Written by Alex Stojanovic
The Sick, The Dying...& The Dead
Life In Hell
Night Stalkers (feat. Ice-T)
Dogs Of Chernobyl
Mission To Mars
We'll Be Back
Release Date: September 2, 2022
Label: Tradecraft Records/Universal Music
Dave Mustaine - Vocals & guitars / Kiko Loureiro - Lead guitars / James Lomenzo - Bass / Dirk Verbeuren - Drums
After all of the good, the bad and the ugly, Megadeth are finally ready to unleash their long-awaited sixteenth album The Sick, The Dying...& The Dead. I think it's worth noting that this is the first album since So Far, So Good...So What? that uses the "dot-dot-dot" element in the title. With everything that happened in the last 6 years within the camp, I would say we can refer to the new album as a comeback album to some degree, even though the band never officially went away. Regardless of however you want to look at the album, the point is that after waiting for what felt like an eternity, new Megadeth music is finally here.

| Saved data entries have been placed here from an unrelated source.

(* Let $p$ be a state and let $r\in p^{TP}=\{Tp:T\in TP(d)\}$. Then $r$ lies on the boundary of $p^{TP}$, regarded as a subset of the affine hyperplane $\{x\in\mathbb{R}^d:\sum_i x_i=1\}$, if and only if at least one elbow of $\beta(r)$ lies on $\beta(p)$.
   Context: Fix $d\ge 2$, $\beta\in(0,\infty)$ and pairwise distinct reals $E_0=0,E_1,\dots,E_{d-1}$. Put $q_{m,n}=e^{-\beta(E_m-E_n)}$, $Z=\sum_j q_{j,0}$, $g_i=q_{i,0}/Z$. A state is a probability vector in $\mathbb{R}^d$. $TP(d)$ is the set of $d\times d$ real matrices with non-negative entries, columns summing to $1$, and $Tg=g$. For a state $p$ choose a permutation $\pi$ of $\{0,\dots,d-1\}$ with $p_{\pi(0)}/g_{\pi(0)}\ge\dots\ge p_{\pi(d-1)}/g_{\pi(d-1)}$; let $x_k=\sum_{i\le k}g_{\pi(i)}$, $y_k=\sum_{i\le k}p_{\pi(i)}$. The thermomajorization curve $\beta(p)$ is the graph of the concave piecewise-linear function on $[0,1]$ through $(0,0),(x_0,y_0),\dots,(x_{d-1},y_{d-1})=(1,1)$. The elbows of $\beta(p)$ are the points $(x_k,y_k)$ for $k=0,\dots,d-2$. A point $(x,y)$ lies on $\beta(p)$ if $y$ equals the value of that function at $x$. *)

From HB Require Import structures.
From mathcomp Require Import all_boot all_order all_algebra all_fingroup.
From mathcomp Require Import reals sequences exp.
Set Implicit Arguments. Unset Strict Implicit. Unset Printing Implicit Defensive.
Import Order.TTheory GRing.Theory Num.Theory.
Local Open Scope ring_scope.

Section Thermo.
Variables (R : realType) (d : nat).

Definition qfac (beta : R) (E : 'I_d -> R) (m n : 'I_d) : R :=
  expR (- beta * (E m - E n)).

(* Gibbs state g_i = q_{i,0} / Z, Z = sum_j q_{j,0}; the index 0 is i0. *)
Definition gibbs (beta : R) (E : 'I_d -> R) (i0 : 'I_d) : 'cV[R]_d :=
  \col_i (qfac beta E i i0 / \sum_(j < d) qfac beta E j i0).
(* Let $M$ be a three-dimensional warped product space and let $\vec r:\mathbb{S}^2\to M$ be an embedding as a strictly convex closed surface with unit normal $\nu$. Let $\varphi=X\cdot\nu$ be its support function, where $X=rf(r)\frac{\partial}{\partial r}$, and let $m_0=\{p\in\mathbb{S}^2:\vec r(p)=0\}$. Then $d\varphi\neq 0$ at every point of $$Z=\{p\in\mathbb{S}^2\setminus m_0:\varphi(p)=0\},$$ so $Z$ is a regular curve on the sphere.
   Context: A three-dimensional warped product space is (a region of) $\mathbb{R}^3$ with polar coordinates $(r,\theta)$ and metric $ds^2=\frac{1}{f(r)^2}dr^2+r^2dS_2^2$ ($dS_2^2$ round metric, $f$ smooth and positive), with inner product $\cdot$. $X=rf(r)\partial_r$ is the conformal Killing vector field of this space. Strictly convex means positive definite second fundamental form. *)

From HB Require Import structures.
From mathcomp Require Import all_boot all_order all_algebra.
From mathcomp Require Import all_classical all_reals all_analysis.
Set Implicit Arguments. Unset Strict Implicit. Unset Printing Implicit Defensive.
Import Order.TTheory GRing.Theory Num.Theory.
Import numFieldNormedType.Exports.
Local Open Scope classical_set_scope.
Local Open Scope ring_scope.

Section Defs.
Variable R : realType.
Notation vec := 'rV[R]_3.

Definition edot (u w : vec) : R := \sum_(i < 3) u ord0 i * w ord0 i.
Definition eradius (x : vec) : R := Num.sqrt (edot x x).

Definition S2 : set vec := [set p | edot p p = 1].

Definition tangent (p v : vec) : Prop := edot v p = 0.

Definition bil (M : 'M[R]_3) (u w : vec) : R := (u *m M *m w^T) ord0 ord0.

(* Gram matrix, in Cartesian coordinates, of the warped metric
   ds^2 = dr^2 / f(r)^2 + r^2 dS_2^2 = (Euclidean) + (1/f^2 - 1) dr^2,
   valid at x <> 0 (where polar coordinates are defined). *)
Definition warped_gram (f : R -> R) (x : vec) : 'M[R]_3 :=
  1%:M + ((f (eradius x) ^+ 2)^-1 - 1) / (eradius x ^+ 2) *: (x^T *m x).

(* the conformal Killing field X = r f(r) d/dr, in Cartesian components
   X(x) = f(|x|) x  (which is 0 at the origin). *)
Definition Xfield (f : R -> R) (x : vec) : vec := f (eradius x) *: x.

Fixpoint Ck {U W : normedModType R} (n : nat) (A : set U) (F : U -> W) : Prop :=
  match n with
  | 0 => forall x, A x -> {for x, continuous F}
  | n'.+1 => (forall x, A x -> differentiable F x) /\
             forall v : U, Ck n' A (fun y => derive F y v)
  end.

Definition smooth_on {U W : normedModType R} (A : set U) (F : U -> W) : Prop :=
  forall n, Ck n A F.

(* 0-homogeneous extension to R^3 \ {0} of a map defined on S^2 *)
Definition hext {W : Type} (F : vec -> W) (x : vec) : W := F ((eradius x)^-1 *: x).

(* Second fundamental form of the immersed surface r : S^2 -> (R^3, G)
   at p in direction (v, w) (tangent vectors at p), with respect to the
   normal nu, written with the Christoffel symbols of the first kind:
   h(v,w) = G(D_v D_w r + Gamma(dr v, dr w), nu)
   G(Gamma(a,b),c) = 1/2 (D_a G(b,c) + D_b G(a,c) - D_c G(a,b)). *)
Definition sff (G : vec -> 'M[R]_3) (r nu : vec -> vec) (p v w : vec) : R :=
  let Rx := hext r in
  let a := derive Rx p v in
  let b := derive Rx p w in
  let n := nu p in
  let y := r p in
  bil (G y) (derive (fun x => derive Rx x w) p v) n
  + (bil (derive G y a) b n + bil (derive G y b) a n
     - bil (derive G y n) a b) / 2.

Definition support_fn (G : vec -> 'M[R]_3) (f : R -> R) (r nu : vec -> vec)
    (p : vec) : R :=
  bil (G (r p)) (Xfield f (r p)) (nu p).

End Defs.
Arguments S2 {R}.
(* Let $r \geq 2$, $2 \leq h \leq r$, let $k$ be a positive integer with $k \neq 2$, and let $G$ be a finite simple $r$-regular graph. If $G$ has an $h$-factor that is completely $k$-magic, then $G$ is completely $k$-magic.
   Context: $\mathbb{Z}_1 = \mathbb{Z}$ and for $k \geq 2$, $\mathbb{Z}_k$ is the integers modulo $k$. For $c \in \mathbb{Z}_k$, a graph $G$ is $c$-sum $k$-magic if there is an edge labeling $\ell : E(G) \to \mathbb{Z}_k \setminus \{0\}$ such that for every vertex $v$, $\sum_{u \in N(v)} \ell(uv) = c$ in $\mathbb{Z}_k$. $G$ is completely $k$-magic if it is $c$-sum $k$-magic for every $c \in \mathbb{Z}_k$. An $h$-factor of $G$ is an $h$-regular spanning subgraph of $G$. *)

From mathcomp Require Import all_boot all_order all_algebra.
Set Implicit Arguments. Unset Strict Implicit. Unset Printing Implicit Defensive.
Import GRing.Theory Num.Theory.
Local Open Scope ring_scope.

(* Equality in Z_k: Z_1 = Z (plain equality of integers),
   Z_k = integers modulo k for k >= 2. *)
Definition eq_Zk (k : nat) (a b : int) : Prop :=
  if k == 1%N then a = b else (a = b %[mod k%:Z])%Z.

Definition simple_graph (T : finType) (e : rel T) : Prop :=
  symmetric e /\ irreflexive e.

Definition regular (T : finType) (e : rel T) (r : nat) : Prop :=
  forall v : T, #|[set u | e v u]| = r.

Definition is_factor (T : finType) (e f : rel T) (h : nat) : Prop :=
  symmetric f /\ (forall u v, f u v -> e u v) /\ regular f h.

(* c-sum k-magic: an edge labeling (represented as a function on ordered pairs
   that is symmetric on edges, i.e. a function on unordered edges) with labels
   in Z_k \ {0} such that every vertex sum equals c in Z_k.  Elements of Z_k
   are represented by integers. *)
Definition csum_kmagic (T : finType) (e : rel T) (k : nat) (c : int) : Prop :=
  exists l : T -> T -> int,
    (forall u v, e u v -> l u v = l v u) /\
    (forall u v, e u v -> ~ eq_Zk k (l u v) 0) /\
    (forall v, eq_Zk k (\sum_(u | e v u) l v u) c).

Definition completely_kmagic (T : finType) (e : rel T) (k : nat) : Prop :=
  forall c : int, csum_kmagic e k c.

From mathcomp Require Import all_boot all_order all_algebra.
Import GRing.Theory Num.Theory.

(* Take a (c - (r - h))-sum labelling of the h-factor and give every other
   edge the label 1.  Every vertex meets exactly r - h edges outside the
   factor, so its sum becomes c. *)

Local Open Scope ring_scope.

Lemma eq_Zk_addr (k : nat) (a b d : int) :
  eq_Zk k a b -> eq_Zk k (a + d) (b + d).
Proof.
rewrite /eq_Zk; case: ifP => _; first by move=> ->.
by move=> ab; rewrite -modzDml ab modzDml.
Qed.

Lemma eq_Zk_one_neq0 (k : nat) : (0 < k)%N -> ~ eq_Zk k 1 0.
Proof.
rewrite /eq_Zk => k_gt0; case: ifP => // /negbT k_neq1.
have k_gt1 : (1 < k)%N by rewrite ltn_neqAle eq_sym k_neq1 k_gt0.
by rewrite -[1]/(Posz 1) -[0]/(Posz 0) !modz_nat modn_small // mod0n.
Qed.

Section Subgraph.

Variables (T : finType) (e f : rel T).
Hypothesis f_sub_e : forall u v, f u v -> e u v.

Definition relD : rel T := fun u v => e u v && ~~ f u v.

Lemma regular_relD (r h : nat) :
  regular e r -> regular f h -> regular relD (r - h).
Proof.
move=> e_reg f_reg v.
have e_f : [set u | e v u] :&: [set u | f v u] = [set u | f v u].
  by apply/setP => u; rewrite !inE andb_idl //; exact: f_sub_e.
rewrite -(e_reg v) -(f_reg v) -(cardsID [set u | f v u] [set u | e v u]) e_f.
by rewrite addKn; apply: eq_card => u; rewrite !inE andbC.
Qed.

Lemma sum_extend_labelling (l : T -> T -> int) (v : T) :
  \sum_(u | e v u) (if f v u then l v u else 1)
  = \sum_(u | f v u) l v u + #|[set u | relD v u]|%:R.
Proof.
rewrite (bigID (f v)) /=; congr (_ + _).
  apply: eq_big => [u|u /andP[_ ->] //].
  by rewrite andb_idl //; exact: f_sub_e.
rewrite (eq_bigr (fun _ => 1)) => [|u /andP[_ /negbTE ->] //].
by rewrite sumr_const cardsE.
Qed.

Lemma csum_kmagic_extend (k d : nat) (c : int) :
  (0 < k)%N -> symmetric f -> regular relD d ->
  csum_kmagic f k (c - d%:R) -> csum_kmagic e k c.
Proof.
move=> k_gt0 f_sym relD_reg [l [l_sym [l_neq0 l_sum]]].
exists (fun u v => if f u v then l u v else 1); split; [|split].
- move=> u v _; rewrite f_sym; case: ifP => // fvu.
  by apply: l_sym; rewrite f_sym.
- by move=> u v _; case: ifP => [/l_neq0 //|_]; exact: eq_Zk_one_neq0.
- move=> v; rewrite sum_extend_labelling relD_reg -(subrK d%:R c).
  exact: eq_Zk_addr.
Qed.

End Subgraph.

Arguments regular_relD {T e f} f_sub_e {r h}.
Arguments csum_kmagic_extend {T e f} f_sub_e {k d c}.

Theorem theorem11 (T : finType) (e : rel T) (r h k : nat) :
  (2 <= r)%N -> (2 <= h)%N -> (h <= r)%N -> (0 < k)%N -> k <> 2%N ->
  simple_graph e -> regular e r ->
  (exists f : rel T, is_factor e f h /\ completely_kmagic f k) ->
  completely_kmagic e k.
Proof.
move=> _ _ _ k_gt0 _ _ e_reg [f [[f_sym [f_sub_e f_reg]] f_magic]] c.
have relD_reg := regular_relD f_sub_e e_reg f_reg.
apply: (csum_kmagic_extend f_sub_e k_gt0 f_sym relD_reg).
exact: f_magic.
Qed.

All I can say is that after listening to the album, it's safe to say that the last six years have breathed new life into Megadeth and there's still seems to be plenty of fuel in the tank. Obviously certain songs are better than others, so let's dive right in.
First off, the title track opens the record, but it certainly seems like an odd choice for an opening track. It feels more laid back than tracks like "The Threat Is Real", "Holy Wars" and even the one-two punch of "Dialectic Chaos/This Day We Fight". The track opens with the sound of a bell tolling in accompaniment with the iconic Monty Python line "Bring out your dead", giving the track a bit of quirkiness before slightly distorted clean guitar notes come creeping in, and then heading into an upbeat and melodic verse. That being said, this track feels like it belongs somewhere in the middle of the record. However, it's in the next track "Life In Hell" where things start to get aggressive. Lightning fast riffs come charging out of the gate, smacking you upside the head with Megadeth's classic thrash sound within seconds. The song may slow down in the middle with the heavy breakdown, but this is still one of the heaviest songs on the record. Make no mistake. Dirk seems to be channeling his inner Gar Samuelson on this one. This song feels like it should've opened the record instead of the title track.

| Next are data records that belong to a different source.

(* Let $G$ be a finitely generated group. Then $RF(G)$ is finitely presented if and only if $RF_{na}(G)$ is finitely presented.
   Context: $\mathbb F$ denotes a non-abelian free group. $RF(G)$ is the quotient of $G$ by the intersection of the kernels of all homomorphisms $G\to\mathbb F$; $RF_{na}(G)$ is the quotient of $G$ by the intersection of the kernels of all homomorphisms $G\to\mathbb F$ with non-abelian image. *)

From Stdlib Require Import List ClassicalEpsilon FunctionalExtensionality
  PropExtensionality ProofIrrelevance.
Set Implicit Arguments.
Unset Strict Implicit.

Record grp : Type := Grp {
  car :> Type;
  gmul : car -> car -> car;
  ginv : car -> car;
  gone : car;
  gmulA : forall x y z, gmul x (gmul y z) = gmul (gmul x y) z;
  gmul1 : forall x, gmul gone x = x;
  gmulV : forall x, gmul (ginv x) x = gone }.
Arguments gmul {g} _ _.
Arguments ginv {g} _.
Arguments gone {g}.

Section GroupBasics.
Variable G : grp.
Implicit Types x y z : G.

Lemma mulgVr x : gmul x (ginv x) = gone.
Proof.
  transitivity (gmul (gmul (ginv (ginv x)) (ginv x)) (gmul x (ginv x))).
  - now rewrite gmulV, gmul1.
  - rewrite <- gmulA, (@gmulA G (ginv x) x (ginv x)), gmulV, gmul1.
    apply gmulV.
Qed.

Lemma mulg1 x : gmul x gone = x.
Proof. rewrite <- (@gmulV G x), gmulA, mulgVr. apply gmul1. Qed.

Lemma mulKV x y : gmul x (gmul (ginv x) y) = y.
Proof. rewrite gmulA, mulgVr. apply gmul1. Qed.

Lemma mulVK x y : gmul (ginv x) (gmul x y) = y.
Proof. rewrite gmulA, gmulV. apply gmul1. Qed.

Lemma inv_uniq_l x y : gmul y x = gone -> y = ginv x.
Proof.
  intro H. rewrite <- (mulg1 y), <- (mulgVr x), gmulA, H. apply gmul1.
Qed.

Lemma invK x : ginv (ginv x) = x.
Proof. symmetry. apply inv_uniq_l. apply mulgVr. Qed.

Lemma invM x y : ginv (gmul x y) = gmul (ginv y) (ginv x).
Proof.
  symmetry. apply inv_uniq_l.
  rewrite <- gmulA, (@gmulA G (ginv x) x y), gmulV, gmul1. apply gmulV.
Qed.

Lemma inv1 : ginv (@gone G) = gone.
Proof. symmetry. apply inv_uniq_l. apply gmul1. Qed.

End GroupBasics.

Definition is_hom (G H : grp) (f : G -> H) : Prop :=
  forall x y : G, f (gmul x y) = gmul (f x) (f y).

Lemma hom1 (G H : grp) (f : G -> H) : is_hom f -> f gone = gone.
Proof.
  intro Hf. assert (E : f gone = gmul (f gone) (f gone)).
  { rewrite <- Hf. now rewrite gmul1. }
  transitivity (gmul (ginv (f gone)) (gmul (f gone) (f gone))).
  - symmetry. apply mulVK.
  - rewrite <- E. apply gmulV.
Qed.

Lemma homV (G H : grp) (f : G -> H) x : is_hom f -> f (ginv x) = ginv (f x).
Proof.
  intro Hf. apply inv_uniq_l. rewrite <- Hf, gmulV. now apply hom1.
Qed.

Definition subgroup (G : grp) (S : G -> Prop) : Prop :=
  S gone /\ (forall x y, S x -> S y -> S (gmul x y)) /\ (forall x, S x -> S (ginv x)).

Definition normal (G : grp) (N : G -> Prop) : Prop :=
  subgroup N /\ (forall g x : G, N x -> N (gmul (gmul (ginv g) x) g)).

Definition fin_gen (G : grp) : Prop :=
  exists (n : nat) (gen : {i : nat | i < n} -> G),
    forall (S : G -> Prop), subgroup S -> (forall i, S (gen i)) -> forall y, S y.

Section Quotient.
Variable G : grp.
Variable K : G -> Prop.
Hypothesis HK : normal K.

Definition cls (g : G) : G -> Prop := fun y => K (gmul (ginv g) y).
Definition Qcar : Type := {P : G -> Prop | exists g, P = cls g}.
Definition qmk (g : G) : Qcar := exist _ (cls g) (ex_intro _ g eq_refl).
Definition qrep (A : Qcar) : G :=
  proj1_sig (constructive_indefinite_description _ (proj2_sig A)).
Lemma qrepP (A : Qcar) : proj1_sig A = cls (qrep A).
Proof. unfold qrep. exact (proj2_sig (constructive_indefinite_description (fun g => proj1_sig A = cls g) (proj2_sig A))). Qed.

Lemma qmk_rep A : qmk (qrep A) = A.
Proof.
  destruct A as [P HP]. unfold qmk. apply subset_eq_compat.
  symmetry. exact (qrepP (exist _ P HP)).
Qed.

Lemma qmk_surj A : exists g, A = qmk g.
Proof. exists (qrep A). symmetry. apply qmk_rep. Qed.

Lemma qmk_eq g h : K (gmul (ginv g) h) -> qmk g = qmk h.
Proof.
  destruct HK as [[K1 [KM KV]] KC]. intro Hgh.
  unfold qmk. apply subset_eq_compat.
  apply functional_extensionality; intro y. apply propositional_extensionality.
  unfold cls. split; intro Hy.
  - replace (gmul (ginv h) y) with (gmul (ginv (gmul (ginv g) h)) (gmul (ginv g) y)).
    + apply KM; auto.
    + rewrite invM, invK, <- gmulA. now rewrite mulKV.
  - replace (gmul (ginv g) y) with (gmul (gmul (ginv g) h) (gmul (ginv h) y)).
    + apply KM; auto.
    + rewrite <- gmulA. now rewrite mulKV.
Qed.

Lemma rep_mk g : K (gmul (ginv (qrep (qmk g))) g).
Proof.
  destruct HK as [[K1 _] _].
  pose proof (qrepP (qmk g)) as E. simpl in E.
  change (cls (qrep (qmk g)) g). rewrite <- E. unfold cls. now rewrite gmulV.
Qed.

Definition qmul (A B : Qcar) : Qcar := qmk (gmul (qrep A) (qrep B)).
Definition qinv (A : Qcar) : Qcar := qmk (ginv (qrep A)).
Definition qone : Qcar := qmk gone.

Lemma mul_mk g h : qmul (qmk g) (qmk h) = qmk (gmul g h).
Proof.
  destruct HK as [[K1 [KM KV]] KC]. unfold qmul. apply qmk_eq.
  set (r := qrep (qmk g)). set (s := qrep (qmk h)).
  replace (gmul (ginv (gmul r s)) (gmul g h)) with
    (gmul (gmul (gmul (ginv s) (gmul (ginv r) g)) s) (gmul (ginv s) h)).
  - apply KM. + apply KC. apply rep_mk. + apply rep_mk.
  - rewrite invM. repeat rewrite <- gmulA. now rewrite mulKV.
Qed.

Lemma inv_mk g : qinv (qmk g) = qmk (ginv g).
Proof.
  destruct HK as [[K1 [KM KV]] KC]. unfold qinv. apply qmk_eq.
  set (r := qrep (qmk g)).
  replace (gmul (ginv (ginv r)) (ginv g)) with
    (gmul (gmul (ginv (ginv r)) (ginv (gmul (ginv r) g))) (ginv r)).
  - apply KC. apply KV. apply rep_mk.
  - rewrite invM, !invK. repeat rewrite <- gmulA. now rewrite mulgVr, mulg1.
Qed.

Lemma qmulA A B C : qmul A (qmul B C) = qmul (qmul A B) C.
Proof.
  destruct (qmk_surj A) as [a ->]. destruct (qmk_surj B) as [b ->].
  destruct (qmk_surj C) as [c ->]. now rewrite !mul_mk, gmulA.
Qed.

Lemma qmul1 A : qmul qone A = A.
Proof. destruct (qmk_surj A) as [a ->]. unfold qone. now rewrite mul_mk, gmul1. Qed.

Lemma qmulV A : qmul (qinv A) A = qone.
Proof.
  destruct (qmk_surj A) as [a ->]. unfold qone. now rewrite inv_mk, mul_mk, gmulV.
Qed.

Definition quot : grp := Grp qmulA qmul1 qmulV.

End Quotient.

Definition kerI (G F : grp) (P : (G -> F) -> Prop) (g : G) : Prop :=
  forall f : G -> F, is_hom f -> P f -> f g = gone.

Lemma kerI_normal (G F : grp) (P : (G -> F) -> Prop) : normal (kerI P).
Proof.
  unfold kerI. split; [split; [|split]|].
  - intros f Hf _. now apply hom1.
  - intros x y Hx Hy f Hf Pf. rewrite Hf, Hx, Hy; auto. apply gmul1.
  - intros x Hx f Hf Pf. rewrite homV, Hx; auto. apply inv1.
  - intros g x Hx f Hf Pf. rewrite !Hf, homV, Hx; auto.
    rewrite mulg1. apply gmulV.
Qed.

Definition nonabelian (F : grp) : Prop :=
  exists a b : F, gmul a b <> gmul b a.

Definition na_image (G F : grp) (f : G -> F) : Prop :=
  exists a b : G, gmul (f a) (f b) <> gmul (f b) (f a).

Definition RF (F G : grp) : grp :=
  quot (kerI_normal (fun _ : G -> F => True)).
Definition RFna (F G : grp) : grp :=
  quot (kerI_normal (@na_image G F)).

Definition is_free_on (F : grp) (X : Type) (x : X -> F) : Prop :=
  forall (H : grp) (h : X -> H),
    exists phi : F -> H, is_hom phi /\ (forall i, phi (x i) = h i) /\
      (forall psi : F -> H, is_hom psi -> (forall i, psi (x i) = h i) ->
         forall w, psi w = phi w).

Definition is_free (F : grp) : Prop :=
  exists (X : Type) (x : X -> F), is_free_on x.

Definition normal_closure (G : grp) (R : list G) (w : G) : Prop :=
  forall N : G -> Prop, normal N -> (forall r, In r R -> N r) -> N w.

(* H is finitely presented: H is isomorphic to F_n / <<R>> with R finite,
   i.e. there is a surjective hom from a free group of finite rank n onto H
   whose kernel is the normal closure of a finite set. *)
Definition fin_pres (H : grp) : Prop :=
  exists (n : nat) (F : grp) (x : {i : nat | i < n} -> F), is_free_on x /\
    exists phi : F -> H, is_hom phi /\ (forall y, exists w, phi w = y) /\
      exists R : list F, forall w, phi w = gone <-> normal_closure R w.

(** Write [K], [N] and [A] for the intersections of the kernels of all
    homomorphisms [G -> F], of those with non-abelian image, and of those
    with abelian image.  Since every homomorphism falls in one of the two
    classes, [K ⊆ N] and [N ∩ A = K]; moreover [G/A] is abelian, and
    [[N, G] ⊆ K].  Hence the natural map [RF(G) = G/K -> G/N = RF_na(G)] is
    onto, and its kernel [N/K] is central and isomorphic to [NA/A], a
    subgroup of the finitely generated abelian group [G/A], hence finitely
    generated.  The theorem then follows from two general facts:
    - a quotient of a finitely presented group by a finitely generated
      normal subgroup is finitely presented ([quot_fin_pres]);
    - a central extension of a finitely presented group by a finitely
      generated group is finitely presented ([central_ext_fin_pres]). *)

From Stdlib Require Import List ZArith Lia Wf_nat ClassicalEpsilon Classical
  FunctionalExtensionality PropExtensionality ProofIrrelevance.
Set Implicit Arguments.
Unset Strict Implicit.

Lemma inv_uniq_r (G : grp) (x y : G) : gmul x y = gone -> y = ginv x.
Proof. intro E. rewrite <- (gmul1 y), <- (gmulV x), <- gmulA, E. apply mulg1. Qed.

Lemma eq_of_div (G : grp) (x y : G) : gmul (ginv x) y = gone -> x = y.
Proof. intro E. rewrite <- (mulKV x y), E. symmetry. apply mulg1. Qed.

Lemma mulg_cancel_r (G : grp) (a x y : G) : gmul x a = gmul y a -> x = y.
Proof.
  intro E. rewrite <- (mulg1 x), <- (mulgVr a), gmulA, E, <- gmulA, mulgVr.
  apply mulg1.
Qed.

Lemma mul_swap_mid (G : grp) (y1 p1 y2 p2 : G) : gmul p1 y2 = gmul y2 p1 ->
  gmul (gmul y1 p1) (gmul y2 p2) = gmul (gmul y1 y2) (gmul p1 p2).
Proof. intro E. rewrite <- !gmulA. f_equal. rewrite !gmulA, E. reflexivity. Qed.

Lemma hom_comp (H1 H2 H3 : grp) (f : H2 -> H3) (g : H1 -> H2) :
  is_hom f -> is_hom g -> is_hom (fun x => f (g x)).
Proof. intros Hf Hg x y. now rewrite Hg, Hf. Qed.

Definition cent (H : grp) (y : H) (x : H) : Prop := gmul x y = gmul y x.

Lemma cent_sub (H : grp) (y : H) : subgroup (cent y).
Proof.
  unfold cent. split; [|split].
  - now rewrite gmul1, mulg1.
  - intros a b Ha Hb. now rewrite <- gmulA, Hb, gmulA, Ha, <- gmulA.
  - intros a Ha. rewrite <- (mulVK a (gmul y (ginv a))), (gmulA a y), Ha,
      <- gmulA, mulgVr, mulg1. reflexivity.
Qed.

Lemma cent_sym (H : grp) (x y : H) : cent x y -> cent y x.
Proof. unfold cent. auto. Qed.

Lemma sub_inter (H : grp) (S T : H -> Prop) :
  subgroup S -> subgroup T -> subgroup (fun x => S x /\ T x).
Proof.
  intros [S1 [SM SV]] [T1 [TM TV]]. split; [|split]; auto.
  - intros x y [? ?] [? ?]; auto.
  - intros x [? ?]; auto.
Qed.

Lemma kernel_normal (H H' : grp) (f : H -> H') :
  is_hom f -> normal (fun x => f x = gone).
Proof.
  intro Hf. split; [split; [|split]|].
  - now apply hom1.
  - intros x y Hx Hy. now rewrite Hf, Hx, Hy, gmul1.
  - intros x Hx. now rewrite homV, Hx, inv1.
  - intros g x Hx. rewrite !Hf, homV, Hx, mulg1 by auto. apply gmulV.
Qed.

With his impeccable guitar skills, it's no surprise as to why Mustaine keeps hyping up Kiko Loureiro as the best lead guitarist he has ever played with since Marty Friedman. Kiko has songwriting credits for two thirds of the record. Despite songs like "Night Stalkers" (which also features a guest appearance by Ice-T) and "Dogs Of Chernobyl", being two of the album's heaviest cuts, his acoustic passages on these tracks in particular give them a different flavour and dynamic. It's also no secret that Mustaine loves to tip his hat off to the past, sometimes very subtly, other times a bit too obviously, whether it's through riffs, song structures or even lyrical references. Case in point, "Junkie" contains quite a few riff nods to "Holy Wars", all while joining the club dedicated to the Megadeth songs about drugs with "Poison Was The Cure" and "Use The Man".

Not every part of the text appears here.